* [Problem requirements] With the material below, print exactly the lines between the line holding "(forall x y" and the line holding "exists l : H, forall", inclusive. Add nothing else.

* [Available data]
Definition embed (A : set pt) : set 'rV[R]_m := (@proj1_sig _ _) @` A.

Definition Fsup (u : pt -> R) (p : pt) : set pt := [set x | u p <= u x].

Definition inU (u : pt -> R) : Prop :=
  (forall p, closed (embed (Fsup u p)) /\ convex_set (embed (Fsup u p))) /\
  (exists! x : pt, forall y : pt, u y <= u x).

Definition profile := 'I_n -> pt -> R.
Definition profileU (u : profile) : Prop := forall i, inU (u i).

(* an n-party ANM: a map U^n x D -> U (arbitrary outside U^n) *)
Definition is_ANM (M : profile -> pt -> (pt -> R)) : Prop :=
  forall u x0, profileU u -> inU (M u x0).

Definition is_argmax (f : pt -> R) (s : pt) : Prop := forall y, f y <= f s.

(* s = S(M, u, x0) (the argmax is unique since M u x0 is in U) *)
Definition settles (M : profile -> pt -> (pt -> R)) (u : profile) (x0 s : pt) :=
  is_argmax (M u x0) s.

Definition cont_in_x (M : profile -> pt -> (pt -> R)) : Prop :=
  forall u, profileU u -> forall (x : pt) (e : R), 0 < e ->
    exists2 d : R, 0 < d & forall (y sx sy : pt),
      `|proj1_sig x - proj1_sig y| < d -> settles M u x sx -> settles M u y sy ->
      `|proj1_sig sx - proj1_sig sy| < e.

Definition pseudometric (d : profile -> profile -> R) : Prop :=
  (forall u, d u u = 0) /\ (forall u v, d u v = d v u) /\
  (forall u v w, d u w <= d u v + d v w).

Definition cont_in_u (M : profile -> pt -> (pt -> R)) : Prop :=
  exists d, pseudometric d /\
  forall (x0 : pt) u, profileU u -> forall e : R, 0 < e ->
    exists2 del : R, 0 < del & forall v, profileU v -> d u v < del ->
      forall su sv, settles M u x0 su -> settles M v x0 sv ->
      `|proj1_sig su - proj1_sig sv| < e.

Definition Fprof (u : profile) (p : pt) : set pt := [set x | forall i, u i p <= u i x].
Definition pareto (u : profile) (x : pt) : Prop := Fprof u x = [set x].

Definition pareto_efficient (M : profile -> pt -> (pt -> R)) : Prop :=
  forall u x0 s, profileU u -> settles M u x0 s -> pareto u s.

==

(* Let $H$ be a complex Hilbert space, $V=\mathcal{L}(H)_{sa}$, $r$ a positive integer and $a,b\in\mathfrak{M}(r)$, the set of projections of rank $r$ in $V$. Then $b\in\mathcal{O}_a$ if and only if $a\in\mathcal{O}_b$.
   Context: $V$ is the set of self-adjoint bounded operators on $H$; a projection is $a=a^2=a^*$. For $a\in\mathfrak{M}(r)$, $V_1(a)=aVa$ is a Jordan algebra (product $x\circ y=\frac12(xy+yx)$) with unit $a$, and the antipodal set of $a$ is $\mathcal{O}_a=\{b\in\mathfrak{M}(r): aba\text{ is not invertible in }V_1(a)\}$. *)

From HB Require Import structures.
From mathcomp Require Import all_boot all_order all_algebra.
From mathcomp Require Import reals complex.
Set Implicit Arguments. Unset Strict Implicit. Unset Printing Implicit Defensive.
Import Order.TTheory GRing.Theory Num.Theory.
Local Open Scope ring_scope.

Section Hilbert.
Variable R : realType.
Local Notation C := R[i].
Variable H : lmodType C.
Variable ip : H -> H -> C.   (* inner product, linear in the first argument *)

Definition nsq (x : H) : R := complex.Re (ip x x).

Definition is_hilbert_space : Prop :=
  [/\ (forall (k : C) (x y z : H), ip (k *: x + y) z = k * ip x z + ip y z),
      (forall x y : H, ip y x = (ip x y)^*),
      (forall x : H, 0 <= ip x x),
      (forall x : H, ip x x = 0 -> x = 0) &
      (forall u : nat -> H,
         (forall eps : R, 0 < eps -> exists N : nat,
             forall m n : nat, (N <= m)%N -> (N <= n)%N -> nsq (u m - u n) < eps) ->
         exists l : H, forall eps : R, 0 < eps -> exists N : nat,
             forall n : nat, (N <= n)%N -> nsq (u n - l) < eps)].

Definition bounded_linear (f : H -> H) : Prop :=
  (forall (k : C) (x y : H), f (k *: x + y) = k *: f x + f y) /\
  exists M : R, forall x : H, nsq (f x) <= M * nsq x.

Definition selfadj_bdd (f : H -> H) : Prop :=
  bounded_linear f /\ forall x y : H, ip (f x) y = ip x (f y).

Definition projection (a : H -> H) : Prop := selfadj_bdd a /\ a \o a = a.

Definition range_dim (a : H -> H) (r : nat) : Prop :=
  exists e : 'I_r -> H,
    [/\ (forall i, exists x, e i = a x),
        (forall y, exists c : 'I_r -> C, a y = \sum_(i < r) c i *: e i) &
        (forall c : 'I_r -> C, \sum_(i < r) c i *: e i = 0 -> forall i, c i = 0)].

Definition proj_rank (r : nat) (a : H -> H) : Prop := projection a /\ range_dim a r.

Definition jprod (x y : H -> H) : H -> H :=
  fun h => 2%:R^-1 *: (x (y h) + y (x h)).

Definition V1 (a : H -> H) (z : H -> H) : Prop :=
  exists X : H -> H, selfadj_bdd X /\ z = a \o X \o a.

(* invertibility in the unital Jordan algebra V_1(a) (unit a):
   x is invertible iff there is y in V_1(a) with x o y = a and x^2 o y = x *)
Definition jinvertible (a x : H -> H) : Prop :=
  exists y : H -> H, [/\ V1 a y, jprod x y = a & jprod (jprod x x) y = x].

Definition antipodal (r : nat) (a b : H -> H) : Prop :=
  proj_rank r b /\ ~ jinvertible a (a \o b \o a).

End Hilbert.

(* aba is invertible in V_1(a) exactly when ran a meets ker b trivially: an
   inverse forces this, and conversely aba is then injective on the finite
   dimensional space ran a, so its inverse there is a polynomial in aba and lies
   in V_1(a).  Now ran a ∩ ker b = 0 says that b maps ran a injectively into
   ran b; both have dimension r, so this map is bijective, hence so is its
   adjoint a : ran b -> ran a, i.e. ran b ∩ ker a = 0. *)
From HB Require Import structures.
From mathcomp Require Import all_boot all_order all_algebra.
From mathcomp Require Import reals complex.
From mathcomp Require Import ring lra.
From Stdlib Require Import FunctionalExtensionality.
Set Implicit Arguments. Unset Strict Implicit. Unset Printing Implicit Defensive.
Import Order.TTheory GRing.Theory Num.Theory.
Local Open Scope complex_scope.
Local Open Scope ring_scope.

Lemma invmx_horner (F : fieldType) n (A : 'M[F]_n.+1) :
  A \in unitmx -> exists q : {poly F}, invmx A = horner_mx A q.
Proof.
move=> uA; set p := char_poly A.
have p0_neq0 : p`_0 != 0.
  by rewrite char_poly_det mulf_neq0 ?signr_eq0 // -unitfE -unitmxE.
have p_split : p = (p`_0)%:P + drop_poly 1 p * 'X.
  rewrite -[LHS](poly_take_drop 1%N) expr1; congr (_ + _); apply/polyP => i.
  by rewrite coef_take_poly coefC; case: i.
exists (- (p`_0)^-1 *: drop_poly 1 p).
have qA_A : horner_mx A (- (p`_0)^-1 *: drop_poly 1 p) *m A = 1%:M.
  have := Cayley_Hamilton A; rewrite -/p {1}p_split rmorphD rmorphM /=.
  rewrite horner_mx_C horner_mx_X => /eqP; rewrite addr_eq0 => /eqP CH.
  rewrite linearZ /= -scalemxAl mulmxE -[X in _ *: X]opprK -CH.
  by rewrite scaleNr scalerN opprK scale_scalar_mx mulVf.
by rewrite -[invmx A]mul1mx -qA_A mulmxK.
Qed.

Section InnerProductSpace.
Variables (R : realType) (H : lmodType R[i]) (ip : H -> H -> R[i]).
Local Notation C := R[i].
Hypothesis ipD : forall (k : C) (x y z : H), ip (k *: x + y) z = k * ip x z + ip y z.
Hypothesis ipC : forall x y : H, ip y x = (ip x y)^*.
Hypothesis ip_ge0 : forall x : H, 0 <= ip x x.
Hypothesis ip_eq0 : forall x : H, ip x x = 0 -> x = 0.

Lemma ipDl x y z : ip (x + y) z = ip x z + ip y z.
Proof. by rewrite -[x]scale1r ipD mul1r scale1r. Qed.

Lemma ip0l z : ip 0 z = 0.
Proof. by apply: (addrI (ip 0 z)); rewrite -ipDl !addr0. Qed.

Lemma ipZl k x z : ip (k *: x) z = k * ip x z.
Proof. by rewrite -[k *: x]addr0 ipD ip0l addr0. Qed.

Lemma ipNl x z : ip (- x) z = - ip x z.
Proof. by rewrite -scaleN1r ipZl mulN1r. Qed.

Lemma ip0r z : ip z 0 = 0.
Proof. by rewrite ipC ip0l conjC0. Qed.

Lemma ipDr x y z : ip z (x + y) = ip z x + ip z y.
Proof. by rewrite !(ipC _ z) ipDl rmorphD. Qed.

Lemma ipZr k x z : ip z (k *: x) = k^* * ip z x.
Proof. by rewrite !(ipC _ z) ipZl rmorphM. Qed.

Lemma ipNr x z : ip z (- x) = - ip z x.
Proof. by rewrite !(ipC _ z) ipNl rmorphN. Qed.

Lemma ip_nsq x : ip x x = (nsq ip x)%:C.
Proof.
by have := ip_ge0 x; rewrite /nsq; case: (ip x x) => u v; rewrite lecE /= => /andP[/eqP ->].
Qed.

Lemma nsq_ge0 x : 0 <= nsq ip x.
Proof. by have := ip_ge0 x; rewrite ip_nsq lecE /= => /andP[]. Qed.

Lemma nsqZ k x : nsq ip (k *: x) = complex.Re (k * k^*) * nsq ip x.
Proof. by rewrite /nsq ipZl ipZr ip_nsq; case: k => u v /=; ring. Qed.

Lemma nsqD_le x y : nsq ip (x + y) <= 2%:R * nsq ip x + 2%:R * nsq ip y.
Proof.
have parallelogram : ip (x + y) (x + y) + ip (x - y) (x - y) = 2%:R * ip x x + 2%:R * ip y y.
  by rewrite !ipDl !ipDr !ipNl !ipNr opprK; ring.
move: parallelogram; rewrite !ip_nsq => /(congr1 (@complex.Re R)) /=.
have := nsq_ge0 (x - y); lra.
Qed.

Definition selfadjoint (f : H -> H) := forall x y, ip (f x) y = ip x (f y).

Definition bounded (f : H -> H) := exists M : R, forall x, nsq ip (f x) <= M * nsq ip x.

...

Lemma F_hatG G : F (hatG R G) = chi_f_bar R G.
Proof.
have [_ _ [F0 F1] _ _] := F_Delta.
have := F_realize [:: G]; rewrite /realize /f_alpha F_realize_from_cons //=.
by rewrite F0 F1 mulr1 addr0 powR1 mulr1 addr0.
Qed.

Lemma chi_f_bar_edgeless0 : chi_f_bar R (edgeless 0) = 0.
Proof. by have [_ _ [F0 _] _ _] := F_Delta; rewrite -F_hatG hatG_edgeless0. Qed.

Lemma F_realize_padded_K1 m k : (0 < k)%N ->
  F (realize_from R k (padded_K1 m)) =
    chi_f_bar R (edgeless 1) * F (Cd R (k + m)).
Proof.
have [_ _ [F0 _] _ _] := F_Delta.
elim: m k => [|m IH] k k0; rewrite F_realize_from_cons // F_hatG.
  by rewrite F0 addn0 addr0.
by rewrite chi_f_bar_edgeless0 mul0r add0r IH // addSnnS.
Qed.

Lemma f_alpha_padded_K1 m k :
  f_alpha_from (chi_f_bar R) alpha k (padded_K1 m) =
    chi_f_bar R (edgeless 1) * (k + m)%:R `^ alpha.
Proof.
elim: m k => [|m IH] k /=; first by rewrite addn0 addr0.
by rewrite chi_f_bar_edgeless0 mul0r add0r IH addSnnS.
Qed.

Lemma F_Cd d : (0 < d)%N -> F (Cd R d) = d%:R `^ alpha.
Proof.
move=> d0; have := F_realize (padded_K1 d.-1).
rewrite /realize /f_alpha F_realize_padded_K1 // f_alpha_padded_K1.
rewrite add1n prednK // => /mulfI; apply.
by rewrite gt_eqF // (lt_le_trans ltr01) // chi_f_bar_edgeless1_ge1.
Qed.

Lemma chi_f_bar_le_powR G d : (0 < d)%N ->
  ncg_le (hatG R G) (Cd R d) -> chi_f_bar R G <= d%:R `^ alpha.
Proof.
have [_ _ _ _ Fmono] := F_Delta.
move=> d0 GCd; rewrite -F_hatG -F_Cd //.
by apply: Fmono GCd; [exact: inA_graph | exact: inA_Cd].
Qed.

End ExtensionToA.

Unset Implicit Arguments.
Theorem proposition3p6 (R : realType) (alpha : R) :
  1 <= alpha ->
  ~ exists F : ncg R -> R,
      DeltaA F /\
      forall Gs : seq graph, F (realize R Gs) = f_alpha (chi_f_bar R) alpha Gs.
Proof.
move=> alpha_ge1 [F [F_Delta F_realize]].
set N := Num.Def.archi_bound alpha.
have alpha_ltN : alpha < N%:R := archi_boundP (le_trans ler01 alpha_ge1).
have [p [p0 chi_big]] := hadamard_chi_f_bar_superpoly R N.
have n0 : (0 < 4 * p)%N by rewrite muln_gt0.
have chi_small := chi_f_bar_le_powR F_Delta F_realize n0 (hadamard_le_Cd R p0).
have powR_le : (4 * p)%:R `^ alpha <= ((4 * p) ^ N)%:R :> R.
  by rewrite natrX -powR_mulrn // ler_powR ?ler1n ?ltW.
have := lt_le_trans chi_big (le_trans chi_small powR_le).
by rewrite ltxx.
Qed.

* [Solution to this problem]
      (forall x y : H, ip y x = (ip x y)^*),
      (forall x : H, 0 <= ip x x),
      (forall x : H, ip x x = 0 -> x = 0) &
      (forall u : nat -> H,
         (forall eps : R, 0 < eps -> exists N : nat,
             forall m n : nat, (N <= m)%N -> (N <= n)%N -> nsq (u m - u n) < eps) ->
         exists l : H, forall eps : R, 0 < eps -> exists N : nat,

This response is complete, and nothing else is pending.